One important caveat first. This guide is general fitness information, not medical advice. If you have a fever, chest symptoms, persistent illness, or anything that feels serious, please contact your GP or call NHS 111. The neck rule is a useful sorting tool. It is not a substitute for proper medical judgement when something is wrong.
The neck rule (sports medicine standard)
The neck rule is the closest thing running has to a universal answer. It is taught in sports medicine training, used by team doctors, and recommended in mainstream guidance from organisations including the American College of Sports Medicine. The rule is simple. You draw an imaginary line at your collarbone. Then you ask where your symptoms are.
Above the neck: usually safe to run easy
If your symptoms are above the neck only, you can usually run, but you must run easy. That means a runny nose, a scratchy or sore throat, a blocked nose, mild sneezing, a head cold without a fever. The reason this works is that mild upper-respiratory symptoms do not put extra load on the heart or lungs in the way that chest or systemic infections do. An easy effort, where you could hold a full conversation, does not make these symptoms worse for most people and sometimes helps clear them.
The rules for an above-the-neck run are strict. Keep it short, 20 to 30 minutes maximum. Keep the pace at a true conversational level. Drop any planned intervals, hills or tempo work. If at any point in the first 10 minutes you feel worse, stop and walk home. If you feel the same or better, finish the easy run and call it the session for the day.
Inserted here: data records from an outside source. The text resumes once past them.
(* In the CCV $\lambda\mu$-calculus, the reduction relation consisting only of vertical reductions $\mu k.[k]M\to M$ (with $k$ not free in $M$) is strongly normalizing and confluent.
   Context: CCV $\lambda\mu$-calculus. Ordinary variables $x,y,\dots$ and continuation variables $k,l,\dots$ are disjoint. Terms $M ::= x \mid \lambda x.M \mid MM \mid (M\ \mathsf{where}\ x:=M) \mid \mu k.J$, jumps $J ::= [k]M \mid (J\ \mathsf{where}\ x:=M)$, where $(L\ \mathsf{where}\ x:=M)$ means $\mathsf{let}\ x=M\ \mathsf{in}\ L$ ($x$ bound in $L$ only); terms are identified up to $\alpha$-conversion and the congruence generated by (E1) $(L\ \mathsf{where}\ x:=(M\ \mathsf{where}\ y:=N))=((L\ \mathsf{where}\ x:=M)\ \mathsf{where}\ y:=N)$ if $y$ not free in $L$; (E2) $((\mu k.J)\ \mathsf{where}\ x:=M)=\mu k.(J\ \mathsf{where}\ x:=M)$ if $k$ not free in $M$; (E3) $[k](L\ \mathsf{where}\ x:=M)=([k]L\ \mathsf{where}\ x:=M)$. A vertical reduction is the contraction of a subterm $\mu k.[k]M$ with $k$ not free in $M$ to $M$, anywhere inside a term or jump. *)

(* CCV lambda-mu-calculus with de Bruijn indices.
   Ordinary variables and continuation variables live in two separate
   de Bruijn index spaces, so alpha-conversion is built in. *)
From Stdlib Require Import Arith Relations.

Inductive term : Type :=
| Var (n : nat)
| Lam (t : term)
| App (t u : term)
| Where (l m : term)             (* (l where x := m), x = var 0 bound in l only *)
| Mu (j : jump)                  (* mu k. j (binds continuation var 0) *)
with jump : Type :=
| Jmp (k : nat) (t : term)
| JWhere (j : jump) (m : term).  (* (j where x := m), x = var 0 bound in j only *)

Fixpoint shv_t (c : nat) (t : term) : term :=
  match t with
  | Var n => Var (if c <=? n then S n else n)
  | Lam t => Lam (shv_t (S c) t)
  | App t u => App (shv_t c t) (shv_t c u)
  | Where l m => Where (shv_t (S c) l) (shv_t c m)
  | Mu j => Mu (shv_j c j)
  end
with shv_j (c : nat) (j : jump) : jump :=
  match j with
  | Jmp k t => Jmp k (shv_t c t)
  | JWhere j m => JWhere (shv_j (S c) j) (shv_t c m)
  end.

Fixpoint shc_t (c : nat) (t : term) : term :=
  match t with
  | Var n => Var n
  | Lam t => Lam (shc_t c t)
  | App t u => App (shc_t c t) (shc_t c u)
  | Where l m => Where (shc_t c l) (shc_t c m)
  | Mu j => Mu (shc_j (S c) j)
  end
with shc_j (c : nat) (j : jump) : jump :=
  match j with
  | Jmp k t => Jmp (if c <=? k then S k else k) (shc_t c t)
  | JWhere j m => JWhere (shc_j c j) (shc_t c m)
  end.

(* un-shift continuation variables > c by one (used when c does not occur) *)
Fixpoint unshc_t (c : nat) (t : term) : term :=
  match t with
  | Var n => Var n
  | Lam t => Lam (unshc_t c t)
  | App t u => App (unshc_t c t) (unshc_t c u)
  | Where l m => Where (unshc_t c l) (unshc_t c m)
  | Mu j => Mu (unshc_j (S c) j)
  end
with unshc_j (c : nat) (j : jump) : jump :=
  match j with
  | Jmp k t => Jmp (if c <? k then pred k else k) (unshc_t c t)
  | JWhere j m => JWhere (unshc_j c j) (unshc_t c m)
  end.

Fixpoint cfree_t (c : nat) (t : term) : bool :=
  match t with
  | Var _ => false
  | Lam t => cfree_t c t
  | App t u => cfree_t c t || cfree_t c u
  | Where l m => cfree_t c l || cfree_t c m
  | Mu j => cfree_j (S c) j
  end
with cfree_j (c : nat) (j : jump) : bool :=
  match j with
  | Jmp k t => Nat.eqb k c || cfree_t c t
  | JWhere j m => cfree_j c j || cfree_t c m
  end.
Below the neck: do not run
If your symptoms are below the neck at all, the answer is rest. That means a chesty cough, tightness in the chest, shortness of breath, a fever, body aches, deep fatigue, swollen glands, vomiting, or diarrhoea. The reason is that these symptoms suggest your body is fighting something more systemic, and running adds cardiovascular stress that can make the illness worse, longer, or in rare cases dangerous.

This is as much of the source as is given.